──────── Data to process ────────

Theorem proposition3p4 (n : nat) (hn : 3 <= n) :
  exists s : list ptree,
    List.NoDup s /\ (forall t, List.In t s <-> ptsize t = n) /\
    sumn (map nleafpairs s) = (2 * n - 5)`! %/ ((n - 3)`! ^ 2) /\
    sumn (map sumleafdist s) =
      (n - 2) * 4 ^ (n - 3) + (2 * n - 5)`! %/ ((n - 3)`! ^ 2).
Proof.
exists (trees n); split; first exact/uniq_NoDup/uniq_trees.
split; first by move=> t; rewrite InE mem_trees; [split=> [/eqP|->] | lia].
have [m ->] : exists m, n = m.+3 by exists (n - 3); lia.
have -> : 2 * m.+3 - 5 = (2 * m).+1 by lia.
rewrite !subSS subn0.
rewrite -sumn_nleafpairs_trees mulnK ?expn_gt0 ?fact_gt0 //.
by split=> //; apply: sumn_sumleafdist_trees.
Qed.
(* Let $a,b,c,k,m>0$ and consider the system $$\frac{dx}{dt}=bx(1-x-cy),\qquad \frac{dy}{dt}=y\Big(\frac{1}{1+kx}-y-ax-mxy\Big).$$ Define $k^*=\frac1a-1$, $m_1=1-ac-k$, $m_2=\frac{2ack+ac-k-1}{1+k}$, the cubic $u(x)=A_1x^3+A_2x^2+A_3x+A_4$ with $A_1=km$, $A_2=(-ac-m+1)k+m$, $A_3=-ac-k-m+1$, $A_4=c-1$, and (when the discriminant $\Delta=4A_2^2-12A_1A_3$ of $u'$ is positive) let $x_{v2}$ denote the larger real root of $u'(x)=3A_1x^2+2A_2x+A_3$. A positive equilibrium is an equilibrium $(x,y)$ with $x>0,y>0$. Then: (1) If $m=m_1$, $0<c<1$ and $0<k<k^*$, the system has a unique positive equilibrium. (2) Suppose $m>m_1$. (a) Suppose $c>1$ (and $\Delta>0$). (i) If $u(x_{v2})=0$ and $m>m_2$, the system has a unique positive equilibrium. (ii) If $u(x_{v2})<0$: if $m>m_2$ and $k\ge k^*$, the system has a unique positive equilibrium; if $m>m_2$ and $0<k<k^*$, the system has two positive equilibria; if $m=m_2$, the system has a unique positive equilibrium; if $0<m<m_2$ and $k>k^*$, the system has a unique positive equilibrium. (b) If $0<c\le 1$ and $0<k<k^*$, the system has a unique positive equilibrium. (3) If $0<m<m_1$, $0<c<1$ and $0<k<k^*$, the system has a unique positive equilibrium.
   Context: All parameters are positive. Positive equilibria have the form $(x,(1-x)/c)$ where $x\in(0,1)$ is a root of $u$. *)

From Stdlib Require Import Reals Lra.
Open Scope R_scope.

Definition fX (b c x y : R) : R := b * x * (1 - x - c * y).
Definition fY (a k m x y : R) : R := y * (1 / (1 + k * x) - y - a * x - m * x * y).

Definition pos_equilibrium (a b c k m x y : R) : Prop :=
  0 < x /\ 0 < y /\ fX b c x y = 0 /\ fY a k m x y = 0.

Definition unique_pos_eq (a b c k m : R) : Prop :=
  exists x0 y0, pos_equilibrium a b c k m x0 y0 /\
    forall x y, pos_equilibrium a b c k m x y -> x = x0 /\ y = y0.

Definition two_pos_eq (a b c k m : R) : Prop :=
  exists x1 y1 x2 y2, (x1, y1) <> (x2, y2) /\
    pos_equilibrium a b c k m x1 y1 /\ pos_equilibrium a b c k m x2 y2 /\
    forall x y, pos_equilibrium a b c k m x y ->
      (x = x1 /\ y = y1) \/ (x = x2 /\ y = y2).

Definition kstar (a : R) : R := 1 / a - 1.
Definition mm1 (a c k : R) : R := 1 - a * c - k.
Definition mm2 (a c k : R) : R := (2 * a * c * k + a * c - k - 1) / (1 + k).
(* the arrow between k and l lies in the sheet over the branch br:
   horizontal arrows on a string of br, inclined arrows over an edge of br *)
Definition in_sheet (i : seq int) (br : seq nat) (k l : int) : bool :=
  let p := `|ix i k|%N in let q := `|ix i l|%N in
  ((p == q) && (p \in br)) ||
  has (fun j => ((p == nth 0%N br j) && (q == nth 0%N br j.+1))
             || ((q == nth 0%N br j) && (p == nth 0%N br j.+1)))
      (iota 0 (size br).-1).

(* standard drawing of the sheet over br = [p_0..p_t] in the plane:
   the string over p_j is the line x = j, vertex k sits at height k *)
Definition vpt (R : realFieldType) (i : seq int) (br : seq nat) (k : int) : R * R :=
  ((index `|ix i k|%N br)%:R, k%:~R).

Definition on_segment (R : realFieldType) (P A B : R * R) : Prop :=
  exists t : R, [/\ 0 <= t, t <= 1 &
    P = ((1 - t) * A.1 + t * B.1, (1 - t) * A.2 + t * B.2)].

────────

- Exercise -
With nothing left out, transcribe the records above exactly.

- Expected answer -
Theorem proposition3p4 (n : nat) (hn : 3 <= n) :
  exists s : list ptree,
    List.NoDup s /\ (forall t, List.In t s <-> ptsize t = n) /\
    sumn (map nleafpairs s) = (2 * n - 5)`! %/ ((n - 3)`! ^ 2) /\
    sumn (map sumleafdist s) =
      (n - 2) * 4 ^ (n - 3) + (2 * n - 5)`! %/ ((n - 3)`! ^ 2).
Proof.
exists (trees n); split; first exact/uniq_NoDup/uniq_trees.
split; first by move=> t; rewrite InE mem_trees; [split=> [/eqP|->] | lia].
have [m ->] : exists m, n = m.+3 by exists (n - 3); lia.
have -> : 2 * m.+3 - 5 = (2 * m).+1 by lia.
rewrite !subSS subn0.
rewrite -sumn_nleafpairs_trees mulnK ?expn_gt0 ?fact_gt0 //.
by split=> //; apply: sumn_sumleafdist_trees.
Qed.
(* Let $a,b,c,k,m>0$ and consider the system $$\frac{dx}{dt}=bx(1-x-cy),\qquad \frac{dy}{dt}=y\Big(\frac{1}{1+kx}-y-ax-mxy\Big).$$ Define $k^*=\frac1a-1$, $m_1=1-ac-k$, $m_2=\frac{2ack+ac-k-1}{1+k}$, the cubic $u(x)=A_1x^3+A_2x^2+A_3x+A_4$ with $A_1=km$, $A_2=(-ac-m+1)k+m$, $A_3=-ac-k-m+1$, $A_4=c-1$, and (when the discriminant $\Delta=4A_2^2-12A_1A_3$ of $u'$ is positive) let $x_{v2}$ denote the larger real root of $u'(x)=3A_1x^2+2A_2x+A_3$. A positive equilibrium is an equilibrium $(x,y)$ with $x>0,y>0$. Then: (1) If $m=m_1$, $0<c<1$ and $0<k<k^*$, the system has a unique positive equilibrium. (2) Suppose $m>m_1$. (a) Suppose $c>1$ (and $\Delta>0$). (i) If $u(x_{v2})=0$ and $m>m_2$, the system has a unique positive equilibrium. (ii) If $u(x_{v2})<0$: if $m>m_2$ and $k\ge k^*$, the system has a unique positive equilibrium; if $m>m_2$ and $0<k<k^*$, the system has two positive equilibria; if $m=m_2$, the system has a unique positive equilibrium; if $0<m<m_2$ and $k>k^*$, the system has a unique positive equilibrium. (b) If $0<c\le 1$ and $0<k<k^*$, the system has a unique positive equilibrium. (3) If $0<m<m_1$, $0<c<1$ and $0<k<k^*$, the system has a unique positive equilibrium.
   Context: All parameters are positive. Positive equilibria have the form $(x,(1-x)/c)$ where $x\in(0,1)$ is a root of $u$. *)

From Stdlib Require Import Reals Lra.
Open Scope R_scope.

Definition fX (b c x y : R) : R := b * x * (1 - x - c * y).
Definition fY (a k m x y : R) : R := y * (1 / (1 + k * x) - y - a * x - m * x * y).

Definition pos_equilibrium (a b c k m x y : R) : Prop :=
  0 < x /\ 0 < y /\ fX b c x y = 0 /\ fY a k m x y = 0.

Definition unique_pos_eq (a b c k m : R) : Prop :=
  exists x0 y0, pos_equilibrium a b c k m x0 y0 /\
    forall x y, pos_equilibrium a b c k m x y -> x = x0 /\ y = y0.

Definition two_pos_eq (a b c k m : R) : Prop :=
  exists x1 y1 x2 y2, (x1, y1) <> (x2, y2) /\
    pos_equilibrium a b c k m x1 y1 /\ pos_equilibrium a b c k m x2 y2 /\
    forall x y, pos_equilibrium a b c k m x y ->
      (x = x1 /\ y = y1) \/ (x = x2 /\ y = y2).

Definition kstar (a : R) : R := 1 / a - 1.
Definition mm1 (a c k : R) : R := 1 - a * c - k.
Definition mm2 (a c k : R) : R := (2 * a * c * k + a * c - k - 1) / (1 + k).
(* the arrow between k and l lies in the sheet over the branch br:
   horizontal arrows on a string of br, inclined arrows over an edge of br *)
Definition in_sheet (i : seq int) (br : seq nat) (k l : int) : bool :=
  let p := `|ix i k|%N in let q := `|ix i l|%N in
  ((p == q) && (p \in br)) ||
  has (fun j => ((p == nth 0%N br j) && (q == nth 0%N br j.+1))
             || ((q == nth 0%N br j) && (p == nth 0%N br j.+1)))
      (iota 0 (size br).-1).

(* standard drawing of the sheet over br = [p_0..p_t] in the plane:
   the string over p_j is the line x = j, vertex k sits at height k *)
Definition vpt (R : realFieldType) (i : seq int) (br : seq nat) (k : int) : R * R :=
  ((index `|ix i k|%N br)%:R, k%:~R).

Definition on_segment (R : realFieldType) (P A B : R * R) : Prop :=
  exists t : R, [/\ 0 <= t, t <= 1 &
    P = ((1 - t) * A.1 + t * B.1, (1 - t) * A.2 + t * B.2)].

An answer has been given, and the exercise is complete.